Brief. Please transcribe exactly, and only, the lines of the data below between the line holding "(* action of" and the line holding "Definition edge_sign n", inclusive.

Records supplied.
(* Let $n\ge 1$. Under the restriction map $H^\bullet(\Gamma_{n+1};\mathbb{Q}_{\mathrm{sgn}})\to H^\bullet(\Gamma_n;\mathbb{Q}_{\mathrm{sgn}})$ induced by the natural inclusion $\Gamma_n\hookrightarrow\Gamma_{n+1}$: if $\mathcal D\in\mathcal D^{\mathrm{sgn}}_{n+1}$ has exactly one isolated vertex, then $\alpha^{\mathrm{sgn}}_{\mathcal D}$ restricts to $\alpha^{\mathrm{sgn}}_{\mathcal D'}$, where $\mathcal D'\in\mathcal D^{\mathrm{sgn}}_n$ is obtained by deleting the isolated vertex; if $\mathcal D$ has no isolated vertex, $\alpha^{\mathrm{sgn}}_{\mathcal D}$ restricts to $0$. In particular the restriction map is injective on the subspace spanned by the classes $\alpha^{\mathrm{sgn}}_{\mathcal D}$ with $\mathcal D$ having exactly one isolated vertex.
   Context: $\Gamma_n=\mathrm{Br}_n/[P_n,P_n]$, $\mathbb{Z}\mathcal A_n=P_n/[P_n,P_n]$. $\mathbb{Q}_{\mathrm{sgn}}$ is the sign representation of $S_n$ viewed as a $\Gamma_n$-module; $H^\bullet(\Gamma_n;\mathbb{Q}_{\mathrm{sgn}})$ is identified via restriction with $H^\bullet(\mathbb{Z}\mathcal A_n;\mathbb{Q}_{\mathrm{sgn}})^{S_n}$, and $H^\bullet(\mathbb{Z}\mathcal A_n;\mathbb{Q}_{\mathrm{sgn}})=\mathbb{Q}_{\mathrm{sgn}}\otimes\Lambda^\bullet$ where $\Lambda^\bullet$ is the exterior algebra on $\omega_{ij}$ ($1\le i<j\le n$) with $\sigma(\omega_{ij})=\omega_{\sigma(i)\sigma(j)}$ if $\sigma(i)<\sigma(j)$, $\omega_{\sigma(j)\sigma(i)}$ otherwise. The inclusion $\Gamma_n\hookrightarrow\Gamma_{n+1}$ comes from adding a strand; restriction sends $\omega_{ij}$ ($j\le n$) to $\omega_{ij}$ and $\omega_{i,n+1}$ to $0$. For a simple graph $\Delta$ on $\{1,\dots,n\}$ with lexicographically ordered edges $(i_1,j_1),\dots,(i_k,j_k)$, $\mu_\Delta=\omega_{i_1j_1}\cdots\omega_{i_kj_k}$. A graph with $n$ vertices is skew-invariant if every automorphism $\sigma$ satisfies $\mathrm{sgn}(\sigma)\mathrm{sgn}_\Delta(\sigma)=1$, with $\mathrm{sgn}(\sigma)$ the sign on vertices and $\mathrm{sgn}_\Delta(\sigma)$ the sign of the induced edge permutation; $\mathcal D^{\mathrm{sgn}}_n$ is the set of their isomorphism classes. Representatives are chosen coherently: for each class $\mathcal G_0$ without isolated vertices a representative on $\{1,\dots,|V\mathcal G_0|\}$ is fixed, and the representative $\Delta_{\mathcal D}$ of a class on $n$ vertices with non-isolated part $\mathcal G_0$ adds vertices $|V\mathcal G_0|+1,\dots,n$ as isolated vertices. $\alpha^{\mathrm{sgn}}_{\mathcal D}=\frac{1}{|\mathrm{Stab}_{S_n}(\Delta_{\mathcal D})|}\sum_{\sigma\in S_n}\sigma(\mu_{\Delta_{\mathcal D}})$ computed in $H^\bullet(\mathbb{Z}\mathcal A_n;\mathbb{Q}_{\mathrm{sgn}})$; these classes for $\mathcal D\in\mathcal D^{\mathrm{sgn}}_n$ form a basis of $H^\bullet(\Gamma_n;\mathbb{Q}_{\mathrm{sgn}})$. *)

From HB Require Import structures.
From mathcomp Require Import all_boot all_order all_algebra all_fingroup.
Set Implicit Arguments. Unset Strict Implicit. Unset Printing Implicit Defensive.
Import Order.TTheory GRing.Theory Num.Theory.
Local Open Scope ring_scope.

(* Vertices {1,..,n} are modelled by 'I_n = {0,..,n-1}.  A (normalized) edge
   is a pair (i,j) with i < j, standing for omega_{ij}. *)
Definition edge (n : nat) := ('I_n * 'I_n)%type.

Definition graph (n : nat) := {set edge n}.
Definition wf_graph n (G : graph n) : bool :=
  [forall e in G, (e.1 < e.2)%N].

Definition ltE n (a b : edge n) : bool :=
  ((a.1 < b.1)%N || ((a.1 == b.1) && (a.2 < b.2)%N)).
Definition leE n (a b : edge n) : bool := ~~ ltE b a.

Definition sorted_edges n (G : graph n) : seq (edge n) := sort (@leE n) (enum G).

Fixpoint inv_count n (s : seq (edge n)) : nat :=
  match s with
  | [::] => 0
  | x :: s' => (count (fun y => ltE y x) s' + inv_count s')%N
  end.

(* The exterior algebra Lambda^* on the omega_{ij}: the rational vector space
   with basis the monomials omega_S (S a set of normalized edges, product taken
   in lexicographic order). *)
Notation Lambda n := {ffun {set edge n} -> rat^o}.
Definition basisL n (S : {set edge n}) : Lambda n := [ffun T => (T == S)%:R].

(* the product omega_{e_1} ... omega_{e_k} of a sequence of normalized edges *)
Definition wedge n (s : seq (edge n)) : Lambda n :=
  if uniq s then (-1) ^+ inv_count s *: basisL [set x in s] else 0.

Definition mu n (G : graph n) : Lambda n := wedge (sorted_edges G).

Definition act_edge n (s : 'S_n) (e : edge n) : edge n :=
  if (s e.1 < s e.2)%N then (s e.1, s e.2) else (s e.2, s e.1).

(* action of sigma on Q_sgn (x) Lambda: sgn(sigma) times the algebra
   automorphism induced on Lambda *)
Definition actL n (s : 'S_n) (x : Lambda n) : Lambda n :=
  \sum_(S : {set edge n}) x S *: wedge (map (act_edge s) (sorted_edges S)).
Definition act_sgn n (s : 'S_n) (x : Lambda n) : Lambda n :=
  (-1) ^+ odd_perm s *: actL s x.

Definition Stab n (G : graph n) : {set 'S_n} :=
  [set s : 'S_n | [set act_edge s e | e in G] == G].

Definition edge_sign n (G : graph n) (s : 'S_n) : int :=
  (-1) ^+ inv_count (map (act_edge s) (sorted_edges G)).

Definition skew_invariant n (G : graph n) : bool :=
  [forall s in Stab G, ((-1) ^+ odd_perm s * edge_sign G s == 1 :> int)].

Definition alpha n (G : graph n) : Lambda n :=
  (#|Stab G|%:R)^-1 *: \sum_(s : 'S_n) act_sgn s (mu G).

Definition isolated n (G : graph n) (v : 'I_n) : bool :=
  [forall e in G, (e.1 != v) && (e.2 != v)].

Definition wid n (i : 'I_n) : 'I_n.+1 := widen_ord (leqnSn n) i.
Definition wid_edge n (e : edge n) : edge n.+1 := (wid e.1, wid e.2).

(* restriction Lambda_{n+1} -> Lambda_n: omega_{ij} |-> omega_{ij} for j <= n,
   omega_{i,n+1} |-> 0; on monomials omega_T |-> omega_S if T = S (widened),
   0 if T involves the last vertex *)
Definition res n (x : Lambda n.+1) : Lambda n :=
  [ffun S : {set edge n} => x [set wid_edge e | e in S]].

Definition del_last n (G : graph n.+1) : graph n :=
  [set e : edge n | wid_edge e \in G].

(* As mu_Delta is the basis monomial omega_Delta, the coefficient of
   alpha_Delta at a graph E is |Stab Delta|^-1 times a signed count of the
   sigma with sigma(Delta) = E; restriction reads off the coefficients at the
   graphs in which the last vertex is isolated.  If Delta has no isolated
   vertex, neither has any sigma(Delta).  If the last vertex is the only
   isolated vertex of Delta, the sigma involved fix it, so they are the lifts of
   the permutations of the first n vertices, with the same signs.  For
   injectivity, a combination of such classes has coefficients at E and at
   tau(E) that differ by a sign, and each graph of its support has an isolated
   vertex, which a transposition tau moves to the last position. *)

From HB Require Import structures.
From mathcomp Require Import all_boot all_order all_algebra all_fingroup.
From mathcomp Require Import zify.
Set Implicit Arguments. Unset Strict Implicit. Unset Printing Implicit Defensive.
Import Order.TTheory GRing.Theory Num.Theory.
Local Open Scope ring_scope.

Fixpoint inversions (T : Type) (r : rel T) (u : seq T) : nat :=
  if u is x :: u' then (count (r^~ x) u' + inversions r u')%N else 0%N.

Lemma inversions_map (T U : Type) (r : rel U) (f : T -> U) u :
  inversions r (map f u) = inversions (relpre f r) u.
Proof. by elim: u => //= x u ->; rewrite count_map. Qed.

Section Parity.
Variable T : eqType.
Implicit Types (r : rel T) (x : T) (u v w : seq T).

Lemma inversions_insert r v1 x v2 :
  inversions r (v1 ++ x :: v2) =
  (count (r x) v1 + count (r^~ x) v2 + inversions r (v1 ++ v2))%N.
Proof. by elim: v1 => [|y v1 IH] //=; rewrite IH !count_cat /=; lia. Qed.

Lemma odd_count_rel_flip r x w : {in w, forall y, r y x = ~~ r x y} ->
  odd (count (r x) w) = odd (size w) (+) odd (count (r^~ x) w).
Proof. by move/eq_in_count->; rewrite -(count_predC (r x) w) oddD addbK. Qed.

Task solution.
(* action of sigma on Q_sgn (x) Lambda: sgn(sigma) times the algebra
   automorphism induced on Lambda *)
Definition actL n (s : 'S_n) (x : Lambda n) : Lambda n :=
  \sum_(S : {set edge n}) x S *: wedge (map (act_edge s) (sorted_edges S)).
Definition act_sgn n (s : 'S_n) (x : Lambda n) : Lambda n :=
  (-1) ^+ odd_perm s *: actL s x.

Definition Stab n (G : graph n) : {set 'S_n} :=
  [set s : 'S_n | [set act_edge s e | e in G] == G].

Definition edge_sign n (G : graph n) (s : 'S_n) : int :=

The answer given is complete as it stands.